Working data >>
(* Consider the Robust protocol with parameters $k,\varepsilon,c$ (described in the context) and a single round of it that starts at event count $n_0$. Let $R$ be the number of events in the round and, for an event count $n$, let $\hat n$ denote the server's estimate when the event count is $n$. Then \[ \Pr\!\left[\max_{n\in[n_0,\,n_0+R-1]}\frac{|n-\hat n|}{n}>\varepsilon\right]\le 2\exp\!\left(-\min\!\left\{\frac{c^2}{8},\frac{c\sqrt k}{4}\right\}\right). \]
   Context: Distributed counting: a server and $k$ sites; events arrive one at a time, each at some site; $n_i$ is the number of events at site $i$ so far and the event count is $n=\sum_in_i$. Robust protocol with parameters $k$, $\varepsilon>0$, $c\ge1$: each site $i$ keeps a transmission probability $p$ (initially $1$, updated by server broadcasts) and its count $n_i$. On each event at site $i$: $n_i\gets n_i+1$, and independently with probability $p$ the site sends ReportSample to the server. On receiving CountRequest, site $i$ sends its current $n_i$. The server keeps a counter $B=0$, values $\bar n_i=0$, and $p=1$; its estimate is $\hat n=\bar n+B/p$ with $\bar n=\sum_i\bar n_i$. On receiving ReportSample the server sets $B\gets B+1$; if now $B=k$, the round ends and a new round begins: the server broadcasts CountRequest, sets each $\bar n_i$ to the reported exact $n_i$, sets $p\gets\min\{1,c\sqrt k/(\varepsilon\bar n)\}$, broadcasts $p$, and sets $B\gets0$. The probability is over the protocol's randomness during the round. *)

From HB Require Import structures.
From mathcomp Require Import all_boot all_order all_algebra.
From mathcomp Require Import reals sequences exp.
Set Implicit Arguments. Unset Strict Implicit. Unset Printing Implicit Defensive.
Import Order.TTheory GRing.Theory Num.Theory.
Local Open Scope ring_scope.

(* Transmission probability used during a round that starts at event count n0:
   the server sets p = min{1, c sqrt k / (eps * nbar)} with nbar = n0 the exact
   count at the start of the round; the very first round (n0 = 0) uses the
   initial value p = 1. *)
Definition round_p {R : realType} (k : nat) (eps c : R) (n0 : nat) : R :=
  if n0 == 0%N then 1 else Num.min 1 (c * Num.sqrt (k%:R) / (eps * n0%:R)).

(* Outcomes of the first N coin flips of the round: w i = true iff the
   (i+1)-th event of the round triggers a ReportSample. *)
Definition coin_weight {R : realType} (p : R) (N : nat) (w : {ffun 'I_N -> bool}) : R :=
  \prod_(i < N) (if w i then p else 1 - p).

Problem details >>
Go through the lines above. Select every one that has the string "From".

Final answer >>
From HB Require Import structures.
From mathcomp Require Import all_boot all_order all_algebra.
From mathcomp Require Import reals sequences exp.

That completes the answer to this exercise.